**TASK MATERIAL**.

(* Fix an integer $n\ge 2$, and assume that for every choice of positive integers $v_1,\ldots,v_n$ one has either $\mathrm{ML}(v_1,\ldots,v_n)=\frac{s}{ns+1}$ for some $s\in\mathbb{N}$ or $\mathrm{ML}(v_1,\ldots,v_n)\ge \frac1n$. Then for all positive integers $w_1,\ldots,w_{n-1}$ one has $\mathrm{ML}(w_1,\ldots,w_{n-1})\ge \frac1n$.
   Context: For a real number $x$, $\Vert x\Vert$ denotes the distance from $x$ to the nearest integer. For positive integers $v_1,\ldots,v_k$, the maximum loneliness is $\mathrm{ML}(v_1,\ldots,v_k)=\max_{t\in\mathbb{R}}\min_{1\le i\le k}\Vert t v_i\Vert$. Here $\mathbb{N}=\{1,2,3,\ldots\}$. *)

From HB Require Import structures.
From mathcomp Require Import all_boot all_order all_algebra.
From mathcomp Require Import all_classical all_reals.
Set Implicit Arguments. Unset Strict Implicit. Unset Printing Implicit Defensive.
Import Order.TTheory GRing.Theory Num.Theory.
Local Open Scope ring_scope.
Local Open Scope classical_set_scope.

Definition dist_int {R : realType} (x : R) : R :=
  Num.min (x - (Num.floor x)%:~R) ((Num.ceil x)%:~R - x).

(* min_{1<=i<=k} ||t v_i||; the neutral element 1 is irrelevant for k >= 1
   since every ||.|| is at most 1/2. *)
Definition loneliness {R : realType} (k : nat) (v : 'I_k -> nat) (t : R) : R :=
  \big[Num.min/1]_(i < k) dist_int (t * (v i)%:R).

(* ML(v_1,...,v_k) = max_t min_i ||t v_i||, written as the supremum of the
   (bounded, attained) set of values. *)
Definition ML {R : realType} (k : nat) (v : 'I_k -> nat) : R :=
  sup [set m : R | exists t : R, m = loneliness v t].

(* Suppose d := ML(w) < 1/n.  Repeating a speed of w does not change the
   loneliness, so the hypothesis forces d = s0/(n s0 + 1).  Now append a huge
   speed N divisible by (n s0 + 1) w_i for every i.  Where the old speeds reach
   loneliness d, some t w_i is at distance d = s0/(n s0 + 1) from an integer, so
   t N is an integer and the new speed is not lonely: ML(w, N) < d.  On the other
   hand, moving t by at most 1/(2N) makes t N a half-integer, so ML(w, N) is as
   close to d as we like.  But below d the values s/(n s + 1) stay at distance
   at least 1/(n s0 + 1)^2 from d, and ML(w, N) < d < 1/n: a contradiction. *)
From HB Require Import structures.
From mathcomp Require Import all_boot all_order all_algebra.
From mathcomp Require Import all_classical all_reals.
From mathcomp Require Import all_analysis.
From mathcomp Require Import ring lra.
Import Order.TTheory GRing.Theory Num.Theory.
Import numFieldNormedType.Exports.
Local Open Scope ring_scope.

Section Loneliness.
Context {R : realType}.
Implicit Types x y t : R.

Lemma dist_int_le x (z : int) : dist_int x <= `|x - z%:~R|.
Proof.
rewrite /dist_int.
have := floor_le x; have := ceil_ge x.
have hcf : Num.ceil x <= Num.floor x + 1.
  by rewrite ceil_le_int; case/andP: (floor_itv x) => _ /ltW.
have [hz|hz] := leP z (Num.floor x).
- have : z%:~R <= (Num.floor x)%:~R :> R by rewrite ler_int.
  move=> ? ? ?; rewrite ger0_norm; last by lra.
  by rewrite ge_min; apply/orP; left; lra.
- have : (Num.ceil x)%:~R <= z%:~R :> R.
    by rewrite ler_int; apply: (le_trans hcf); rewrite lezD1.
  move=> ? ? ?; rewrite ler0_norm; last by lra.
  by rewrite ge_min; apply/orP; right; lra.
Qed.

Lemma dist_int_attained x : exists z : int, dist_int x = `|x - z%:~R|.
Proof.
rewrite /dist_int; have := floor_le x; have := ceil_ge x.
have [h|h] := leP (x - (Num.floor x)%:~R) ((Num.ceil x)%:~R - x) => ? ?.
- by exists (Num.floor x); rewrite ger0_norm //; lra.
- by exists (Num.ceil x); rewrite ler0_norm //; lra.
Qed.

Lemma dist_int_ge0 x : 0 <= dist_int x.
Proof. by have [z ->] := dist_int_attained x. Qed.

Lemma dist_int_le_half x : dist_int x <= 2^-1.
Proof.
have := dist_int_le x (Num.floor x); have := dist_int_le x (Num.floor x + 1).
case/andP: (floor_itv x); rewrite !intrD !mulr1z => ? ?.
by rewrite ler0_norm ?ger0_norm; lra.
Qed.

Lemma dist_int_lipschitz x y : `|dist_int x - dist_int y| <= `|x - y|.
Proof.
suff le_xy (a b : R) : dist_int a <= dist_int b + `|a - b|.
  have := le_xy x y; have := le_xy y x; rewrite distrC => ? ?.
  by rewrite ler_norml; apply/andP; split; lra.
have [z ->] := dist_int_attained b.
apply: le_trans (dist_int_le a z) _.
have := ler_normD (a - b) (b - z%:~R).
by rewrite addrA subrK [X in _ <= X]addrC.
Qed.

Lemma dist_intDz x (z : int) : dist_int (x + z%:~R) = dist_int x.
Proof.
apply/eqP; rewrite eq_le; apply/andP; split.
- have [z0 ->] := dist_int_attained x.
  apply: le_trans (dist_int_le _ (z0 + z)) _.
  by rewrite intrD opprD addrACA subrr addr0.
- have [z0 ->] := dist_int_attained (x + z%:~R).
  apply: le_trans (dist_int_le _ (z0 - z)) _.
  by rewrite intrB opprB addrA.
Qed.

Lemma dist_int_intr (z : int) : dist_int (z%:~R : R) = 0.
Proof.
apply/eqP; rewrite eq_le dist_int_ge0 andbT.
by apply: le_trans (dist_int_le _ z) _; rewrite subrr normr0.
Qed.

Lemma dist_int_half (z : int) : dist_int (z%:~R + 2^-1 : R) = 2^-1.
Proof.
apply/eqP; rewrite eq_le dist_int_le_half /=.
have [z0 ->] := dist_int_attained (z%:~R + 2^-1).
have -> : z%:~R + 2^-1 - z0%:~R = (z - z0)%:~R + 2^-1 :> R by rewrite intrB; lra.
have [h|h] := leP 0 (z - z0).
- have : 0 <= (z - z0)%:~R :> R by rewrite ler0z.
  by move=> ?; rewrite ger0_norm; lra.
- have : (z - z0 + 1)%:~R <= 0 :> R by rewrite lerz0 lezD1.
  by rewrite intrD => ?; rewrite ler0_norm; lra.
Qed.

Lemma dist_int_eq x :
  exists z : int, x = z%:~R + dist_int x \/ x = z%:~R - dist_int x.
Proof.
have [z ->] := dist_int_attained x; exists z.
have [h|h] := leP 0 (x - z%:~R).
- by left; rewrite ger0_norm // addrC subrK.
- by right; rewrite ltr0_norm // opprK addrC subrK.
Qed.

Lemma dist_int_mul_nat x (K a : nat) :
  dist_int x * K%:R = a%:R -> exists z : int, x * K%:R = z%:~R.
Proof.
move=> eKa; have [z [->|->]] := dist_int_eq x.
- by exists (z * K%:Z + a%:Z); rewrite mulrDl eKa intrD intrM.
- by exists (z * K%:Z - a%:Z); rewrite mulrBl eKa intrB intrM.
Qed.

Lemma lipschitz_continuous (f : R -> R) (C : R) :
  (forall x y, `|f x - f y| <= C * `|x - y|) -> continuous f.
Proof.
move=> fC x; apply/(@cvgrPdist_lt _ _ _ (nbhs x)) => e e0.
have C1 : 0 < `|C| + 1 by rewrite ltr_wpDl.
near=> z.
apply: le_lt_trans (fC _ _) _.
apply: le_lt_trans (_ : (`|C| + 1) * `|x - z| < e).
  by rewrite ler_wpM2r // (le_trans (ler_norm C)) // lerDl.
rewrite -ltr_pdivlMl //; near: z.
by apply: cvgr_dist_lt => //; rewrite mulr_gt0 ?invr_gt0.
Unshelve. all: by end_near.
Qed.

Section Speeds.
Context {k : nat}.
Implicit Types v w : 'I_k -> nat.

Lemma loneliness_le1 v t : loneliness v t <= 1.
Proof. exact: bigmin_le_id. Qed.

Lemma loneliness_le v t i : loneliness v t <= dist_int (t * (v i)%:R).
Proof. exact: bigmin_le. Qed.

Lemma loneliness_lipschitz v t t' :
  `|loneliness v t - loneliness v t'| <= (\sum_i v i)%N%:R * `|t - t'|.
Proof.
suff one_side (s s' : R) : loneliness v s - (\sum_i v i)%N%:R * `|s - s'| <= loneliness v s'.
  have := one_side t t'; have := one_side t' t; rewrite distrC => ? ?.
  by rewrite ler_norml; apply/andP; split; lra.
apply: le_bigmin => [|i _].
  by rewrite lerBlDr (le_trans (loneliness_le1 v s)) // lerDl mulr_ge0.
have := loneliness_le v s i.
have := dist_int_lipschitz (s * (v i)%:R) (s' * (v i)%:R).
have : `|s * (v i)%:R - s' * (v i)%:R| <= (\sum_i v i)%N%:R * `|s - s'|.
  rewrite -mulrBl normrM mulrC ler_wpM2r // normr_nat ler_nat.
  by rewrite (bigD1 i) //= leq_addr.
move=> ? /(le_trans (ler_norm _)) ? ?; lra.
Qed.

Lemma loneliness_periodic v t (z : int) : loneliness v (t + z%:~R) = loneliness v t.
Proof.
apply: eq_bigr => i _.
by rewrite mulrDl !pmulrn -intrM dist_intDz.
Qed.

Local Open Scope classical_set_scope.

Let lonely_values v := [set m : R | exists t, m = loneliness v t].

Lemma lonely_values_ubound v : has_ubound (lonely_values v).
Proof. by exists 1 => _ [t ->]; exact: loneliness_le1. Qed.

Lemma lonely_values_nonempty v : lonely_values v !=set0.
Proof. by exists (loneliness v 0), 0. Qed.

Lemma loneliness_le_ML v t : loneliness v t <= ML v.
Proof. by apply: ub_le_sup; [exact: lonely_values_ubound | exists t]. Qed.

Lemma ML_le v b : (forall t, loneliness v t <= b) -> ML v <= b.
Proof. by move=> vb; apply: ge_sup; [exact: lonely_values_nonempty | move=> _ [t ->]]. Qed.

Lemma ML_approx v e : 0 < e -> exists t, ML v - e < loneliness v t.
Proof.
move=> e0; have [_ [t ->] ?] :=
  sup_adherent e0 (conj (lonely_values_nonempty v) (lonely_values_ubound v)).
by exists t.
Qed.

(* By periodicity the supremum is a maximum over the compact [0, 1]. *)
Lemma ML_attained v : exists t, ML v = loneliness v t.
Proof.
have cont : {within `[0, 1], continuous (@loneliness R k v)}.
  by apply: continuous_subspaceT; apply: lipschitz_continuous; exact: loneliness_lipschitz.
have [c _ cmax] := EVT_max ler01 cont.
exists c; apply/eqP; rewrite eq_le loneliness_le_ML andbT.
apply: ML_le => t; rewrite -(loneliness_periodic v t (- Num.floor t)).
apply: cmax; rewrite in_itv /= intrN subr_ge0 floor_le /=.
by case/andP: (floor_itv t); rewrite intrD => _ ?; apply: ltW; lra.
Qed.

End Speeds.

Lemma eq_ML {k k'} (v : 'I_k -> nat) (w : 'I_k' -> nat) :
  (forall t, loneliness v t = loneliness w t) -> ML v = ML w :> R.
Proof. by move=> /funext vw; rewrite /ML vw. Qed.

Lemma loneliness_attained {k} (v : 'I_k.+1 -> nat) t :
  exists i, loneliness v t = dist_int (t * (v i)%:R).
Proof.
have le1 i : dist_int (t * (v i)%:R) <= 1.
  by apply: le_trans (dist_int_le_half _) _; lra.
by have [i _ e] := @eq_bigmin _ _ _ 1 ord0 xpredT _ isT (fun i _ => le1 i); exists i.
Qed.

Lemma ML_le_half {k} (v : 'I_k.+1 -> nat) : ML v <= 2^-1 :> R.
Proof.
by apply: ML_le => t; apply: le_trans (loneliness_le v t ord0) (dist_int_le_half _).
Qed.

Definition prepend {k} (x : nat) (w : 'I_k -> nat) : 'I_k.+1 -> nat :=
  fun i => if unlift ord0 i is Some j then w j else x.

Lemma prepend_gt0 {k} {x : nat} {w : 'I_k -> nat} :
  (0 < x)%N -> (forall i, 0 < w i)%N -> forall i, (0 < prepend x w i)%N.
Proof. by move=> x0 w0 i; rewrite /prepend; case: unlift. Qed.

Lemma loneliness_prepend {k} (x : nat) (w : 'I_k -> nat) t :
  loneliness (prepend x w) t = Num.min (dist_int (t * x%:R)) (loneliness w t).
Proof.
rewrite /loneliness big_ord_recl /prepend unlift_none.
by congr Num.min; apply: eq_bigr => i _; rewrite liftK.
Qed.

Lemma ML_prepend_dup {k} (w : 'I_k -> nat) i : ML (prepend (w i) w) = ML w :> R.
Proof.
apply: eq_ML => t; rewrite loneliness_prepend.
by apply/min_idPr; exact: loneliness_le.
Qed.

(* At a maximiser of [w] some [t w_i] is [+-a/K] modulo 1, so [t N] is an
   integer. *)
Lemma ML_prepend_lt {k} (w : 'I_k.+1 -> nat) (K a N : nat) :
  0 < ML w :> R -> ML w * K%:R = a%:R :> R -> (forall i, K * w i %| N)%N ->
  ML (prepend N w) < ML w :> R.
Proof.
move=> ML_gt0 eKa dvdN.
have [t ->] := ML_attained (prepend N w); rewrite loneliness_prepend gt_min.
have [lt_w|ge_w] := ltP (loneliness w t) (ML w); first by apply/orP; right.
have eLw : loneliness w t = ML w by apply/eqP; rewrite eq_le ge_w loneliness_le_ML.
have [i ei] := loneliness_attained w t.
have /dist_int_mul_nat [z ez] : dist_int (t * (w i)%:R) * K%:R = a%:R.
  by rewrite -ei eLw.
have -> : t * N%:R = t * (w i)%:R * K%:R * (N %/ (K * w i))%:R.
  by rewrite -[in LHS](divnK (dvdN i)) !natrM; ring.
by rewrite ez pmulrn -intrM dist_int_intr ML_gt0.
Qed.

Lemma dist_int_half_near (N : nat) t0 :
  (0 < N)%N -> exists t, dist_int (t * N%:R) = 2^-1 /\ `|t - t0| * N%:R <= 2^-1.
Proof.
move=> N0; have N0' : 0 < N%:R :> R by rewrite ltr0n.
exists (((Num.floor (t0 * N%:R))%:~R + 2^-1) / N%:R).
rewrite divfK ?gt_eqF // dist_int_half; split=> //.
rewrite -[X in `|_| * X](gtr0_norm N0') -normrM mulrBl divfK ?gt_eqF //.
case/andP: (floor_itv (t0 * N%:R)); rewrite intrD => ? ?.
by rewrite ler_norml; apply/andP; split; lra.
Qed.

Lemma ML_prepend_large {k} (w : 'I_k.+1 -> nat) {e : R} :
  0 < e -> exists M : nat, forall N, (M <= N)%N -> ML w - e < ML (prepend N w) :> R.
Proof.
move=> e0; have e20 : 0 < e / 2 by rewrite divr_gt0.
have [t0 ht0] := ML_approx w _ e20.
set C : R := (\sum_i w i)%N%:R.
exists (Num.trunc (C / e)).+1 => N MN.
have N0 : 0 < N%:R :> R by rewrite ltr0n (leq_trans _ MN).
have CN : C < e * N%:R.
  have : (Num.trunc (C / e)).+1%:R <= N%:R :> R by rewrite ler_nat.
  have := truncnS_gt (C / e); have : C / e * e = C by rewrite divfK ?gt_eqF.
  nra.
have [t [dtN tt0]] := dist_int_half_near N t0 (leq_trans (ltn0Sn _) MN).
have Ct : C * `|t - t0| <= e / 2.
  have : 0 <= C by [].
  have := normr_ge0 (t - t0); nra.
have := loneliness_lipschitz w t0 t.
rewrite -/C (distrC t0) ler_norml => /andP[_ lip].
have half_w := ML_le_half w; apply: lt_le_trans (loneliness_le_ML (prepend N w) t).
by rewrite loneliness_prepend dtN lt_min; apply/andP; split; lra.
Qed.

Lemma frac_gap {c : R} {s s0 : nat} : 0 <= c ->
  s%:R / (c * s%:R + 1) < s0%:R / (c * s0%:R + 1) ->
  s%:R / (c * s%:R + 1) + 1 / (c * s0%:R + 1) ^+ 2 <= s0%:R / (c * s0%:R + 1).
Proof.
move=> c0 lt_s.
have pos (r : nat) : 0 < c * r%:R + 1 by rewrite ltr_pwDr // mulr_ge0.
have diff : s0%:R / (c * s0%:R + 1) - s%:R / (c * s%:R + 1) =
            (s0%:R - s%:R) / ((c * s%:R + 1) * (c * s0%:R + 1)).
  by field; rewrite !gt_eqF ?pos.
have s_lt : s%:R + 1 <= s0%:R :> R.
  rewrite natr1 ler_nat ltnNge; apply/negP; rewrite -(ler_nat R) => le_s.
  move: lt_s; rewrite -subr_gt0 diff; apply/negP; rewrite -leNgt.
  by rewrite pmulr_lle0 ?invr_gt0 ?mulr_gt0 ?pos // subr_le0.
have gap : s0%:R / (c * s0%:R + 1) - 1 / (c * s0%:R + 1) ^+ 2 - s%:R / (c * s%:R + 1) =
           ((s0%:R - s%:R) * (c * s0%:R + 1) - (c * s%:R + 1)) /
           ((c * s%:R + 1) * (c * s0%:R + 1) ^+ 2).
  by field; rewrite !gt_eqF ?pos.
have : 0 <= ((s0%:R - s%:R) * (c * s0%:R + 1) - (c * s%:R + 1)) /
            ((c * s%:R + 1) * (c * s0%:R + 1) ^+ 2).
  apply: divr_ge0; last by rewrite mulr_ge0 ?exprn_ge0 // ltW ?pos.
  have : 0 <= (s0%:R - s%:R - 1) * (c * s0%:R + 1) by apply: mulr_ge0; [lra | exact: ltW].
  have : 0 <= c * (s0%:R - s%:R) by rewrite mulr_ge0 // subr_ge0; lra.
  lra.
lra.
Qed.

End Loneliness.

Theorem proposition3p3 (R : realType) (n : nat) (hn : (2 <= n)%N) :
  (forall v : 'I_n -> nat, (forall i, (0 < v i)%N) ->
     (exists s : nat, (1 <= s)%N /\
        ML v = (s%:R / (n%:R * s%:R + 1) : R))
     \/ (1 / n%:R : R) <= ML v) ->
  forall w : 'I_n.-1 -> nat, (forall i, (0 < w i)%N) ->
    (1 / n%:R : R) <= ML w.
Proof.
case: n hn => [|[|m]] // _ hyp w w_gt0 /=.
set c : R := m.+2%:R; have c0 : 0 < c by rewrite ltr0n.
rewrite leNgt; apply/negP => lt_w.
have := hyp _ (prepend_gt0 (w_gt0 ord0) w_gt0); rewrite ML_prepend_dup -/c.
case=> [[s0 [s0_gt0 ew]]|ge_w]; last by have := lt_le_trans lt_w ge_w; rewrite ltxx.
set g : R := 1 / (c * s0%:R + 1) ^+ 2.
have g_gt0 : 0 < g by rewrite divr_gt0 // exprn_gt0 // ltr_pwDr // mulr_ge0 // ltW.
have [M ML_large] := ML_prepend_large w g_gt0.
set K := (m.+2 * s0 + 1)%N; set N := (K * \prod_i w i * M.+1)%N.
have lt_MN : (M < N)%N by rewrite leq_pmull // muln_gt0 /K addn1 prodn_gt0.
have lo := ML_large N (ltnW lt_MN).
have hi : ML (prepend N w) < ML w :> R.
  apply: (ML_prepend_lt w K s0).
  - by rewrite ew divr_gt0 ?ltr0n ?ltr_pwDr ?mulr_ge0.
  - by rewrite ew /K natrD natrM -/c divfK // gt_eqF // ltr_pwDr // mulr_ge0 // ltW.
  - by move=> i; rewrite /N -mulnA dvdn_mul // dvdn_mulr // (bigD1 i) //= dvdn_mulr.
have := hyp _ (prepend_gt0 (leq_ltn_trans (leq0n M) lt_MN) w_gt0); rewrite -/c.
case=> [[s [_ eN]]|ge_N]; last by have := lt_trans (le_lt_trans ge_N hi) lt_w; rewrite ltxx.
by rewrite eN ew in lo hi; have := frac_gap (ltW c0) hi; rewrite -/g; lra.
Qed.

**TASK DESCRIPTION**. Retype the records above, but only those lines that fall between the line containing "by apply: ML_le" and the line containing "(0 < x)%N -> (forall", with both of those lines included, exactly as written.

**RESULT BELOW**.
by apply: ML_le => t; apply: le_trans (loneliness_le v t ord0) (dist_int_le_half _).
Qed.

Definition prepend {k} (x : nat) (w : 'I_k -> nat) : 'I_k.+1 -> nat :=
  fun i => if unlift ord0 i is Some j then w j else x.

Lemma prepend_gt0 {k} {x : nat} {w : 'I_k -> nat} :
  (0 < x)%N -> (forall i, 0 < w i)%N -> forall i, (0 < prepend x w i)%N.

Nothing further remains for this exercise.